- **The task**
Reproduce, please, only the lines from the first line below to the line containing "destruct (covP b", inclusive.
+ + + + + + +
Lemma transversal_exists D : is_subgroup H D -> finite_index D -> exists P, transversal D P.
Proof.
  intros sgD [m [l [_ covl]]].
  assert (Hl : exists P, NoDup P /\ (forall a, In a l -> exists p, In p P /\ in_coset D p a) /\
                 (forall p q, In p P -> In q P -> in_coset D p q -> p = q)).
  { clear covl. induction l as [|a l [P [nodupP [covP irrP]]]].
    - exists []. split; [constructor|]. split; [intros a []|]. intros p q [].
    - destruct (classic (exists p, In p P /\ in_coset D p a)) as [Ha|Ha].
      + exists P. split; [exact nodupP|]. split; [|exact irrP]. intros b [<-|Hb]; auto.
      + exists (a :: P). split; [|split].
        * constructor; [|exact nodupP]. intro HaP. apply Ha.
          exists a. split; [exact HaP | apply in_coset_refl, sgD].
        * intros b [<-|Hb]; [exists a; split; [left; reflexivity | apply in_coset_refl, sgD]|].
          destruct (covP b Hb) as [p [? ?]]. exists p. split; [right|]; auto.
        * intros p q [<-|Hp] [<-|Hq] Dpq; auto; exfalso; apply Ha; eauto using in_coset_sym. }
  destruct Hl as [P [nodupP [covP irrP]]]. exists P. split; [exact nodupP|]. split; [|exact irrP].
  intro h. destruct (covl h) as [g [Hg Dgh]]. destruct (covP g Hg) as [p [Hp Dpg]].
  exists p. split; [exact Hp | apply (in_coset_trans D _ g); auto].
Qed.

Section CountingCosets.

Variables (D K : H -> Prop) (P : list H).
Hypotheses (sgD : is_subgroup H D) (sgK : is_subgroup H K) (subDK : forall x, D x -> K x).
Hypothesis transP : transversal D P.

Definition rep h : H := epsilon (inhabits h) (fun p => In p P /\ in_coset D p h).

Lemma rep_spec h : In (rep h) P /\ in_coset D (rep h) h.
Proof. unfold rep. apply epsilon_spec, (proj1 (proj2 transP)). Qed.

Definition reps_in g : list H := filter (fun p => dec (in_coset K g p)) P.

(* Left multiplication by [g' g^-1] maps the [D]-cosets inside [gK] injectively
   into those inside [g'K]. *)
Lemma reps_in_length_le g g' : length (reps_in g) <= length (reps_in g').
Proof.
  destruct transP as [nodupP [_ irrP]].
  set (z := g' ** g^-1).
  rewrite <- (length_map (fun p => rep (z ** p)) (reps_in g)).
  apply NoDup_incl_length.
  - apply NoDup_map_NoDup_ForallPairs; [|apply NoDup_filter, nodupP].
    intros a b Ha Hb Eab. apply filter_In in Ha as [Ha _]. apply filter_In in Hb as [Hb _].
    apply irrP; auto. rewrite <- (in_coset_shift D z).
    apply (in_coset_trans D _ (rep (z ** a))); auto.
    + apply in_coset_sym, rep_spec; auto.
    + rewrite Eab. apply rep_spec.
  - intros w Hw. apply in_map_iff in Hw as [p [<- Hp]].
    apply filter_In in Hp as [_ Kgp]. rewrite dec_true in Kgp.
    apply filter_In. split; [apply rep_spec|]. apply dec_true.
    apply (in_coset_trans K _ (z ** p)); auto.
    + assert (Ez : z ** g = g') by apply gmulVKr. rewrite <- Ez, in_coset_shift. exact Kgp.
    + apply in_coset_sym; auto. apply subDK, rep_spec.
Qed.

Lemma index_le_of_reps_length g m : length P <= m * length (reps_in g) -> index_le H K m.
Proof.
  intro Hm. destruct transP as [_ [covP _]].
  destruct (class_representatives H (fun p q => dec (in_coset K p q))) with
    (l := P) (c := length (reps_in g)) as [Q [HQ covQ]].
  - intro x. apply dec_true, in_coset_refl, sgK.
  - intros x y Kxy. apply dec_true, in_coset_sym, dec_true; auto.
  - intros x y w Kxy Kyw. rewrite dec_true in Kxy, Kyw.
    apply dec_true, (in_coset_trans K _ y); auto.
  - intros y _. apply reps_in_length_le.
  - exists Q. split.
    + destruct (covP (gone H)) as [p0 [Hp0 _]].
      assert (1 <= length P) by (destruct P; [destruct Hp0 | simpl; lia]). nia.
    + intro h. destruct (covP h) as [p [Hp Dph]]. destruct (covQ p Hp) as [q [Hq Kqp]].
      exists q. split; [exact Hq|]. rewrite dec_true in Kqp.
      apply (in_coset_trans K _ p); auto. apply subDK, Dph.
Qed.

End CountingCosets.

Lemma neumann_finite_index F :
  (forall e, In e F -> is_subgroup H (fst e) /\ finite_index (fst e)) -> covers F ->
  exists e, In e F /\ index_le H (fst e) (length F).
Proof.
  intros HF covF.
  set (D := big_inter (map fst F)).
  assert (HFK : forall K, In K (map fst F) -> is_subgroup H K /\ finite_index K).
  { intros K HK. apply in_map_iff in HK as [e [<- He]]. auto. }
  assert (sgD : is_subgroup H D) by (apply subgroup_big_inter; intros; apply HFK; auto).
  destruct (transversal_exists D sgD (finite_index_big_inter _ HFK)) as [P transP].
  set (cnt := fun e => length (reps_in (fst e) P (snd e))).
  assert (HP : length P <= list_sum (map cnt F)).
  { unfold cnt. rewrite <- length_flat_map. apply NoDup_incl_length; [apply transP|].
    intros p Hp. destruct (covF p) as [e [He Hep]]. apply in_flat_map. exists e.
    split; [exact He|]. apply filter_In. split; [exact Hp | apply dec_true, Hep]. }
  destruct (list_sum_le_max cnt F) as [e [He Hmax]].
  { intro E. destruct (covF (gone H)) as [e [He _]]. rewrite E in He. destruct He. }
  exists e. split; [exact He|].
  apply (index_le_of_reps_length D (fst e) P sgD (proj1 (HF e He))) with (g := snd e).
  - intros x Dx. apply Dx, in_map, He.
  - exact transP.
  - change (length P <= length F * cnt e). lia.
Qed.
+ + + + + + +
- **Result of this exercise**
Lemma transversal_exists D : is_subgroup H D -> finite_index D -> exists P, transversal D P.
Proof.
  intros sgD [m [l [_ covl]]].
  assert (Hl : exists P, NoDup P /\ (forall a, In a l -> exists p, In p P /\ in_coset D p a) /\
                 (forall p q, In p P -> In q P -> in_coset D p q -> p = q)).
  { clear covl. induction l as [|a l [P [nodupP [covP irrP]]]].
    - exists []. split; [constructor|]. split; [intros a []|]. intros p q [].
    - destruct (classic (exists p, In p P /\ in_coset D p a)) as [Ha|Ha].
      + exists P. split; [exact nodupP|]. split; [|exact irrP]. intros b [<-|Hb]; auto.
      + exists (a :: P). split; [|split].
        * constructor; [|exact nodupP]. intro HaP. apply Ha.
          exists a. split; [exact HaP | apply in_coset_refl, sgD].
        * intros b [<-|Hb]; [exists a; split; [left; reflexivity | apply in_coset_refl, sgD]|].
          destruct (covP b Hb) as [p [? ?]]. exists p. split; [right|]; auto.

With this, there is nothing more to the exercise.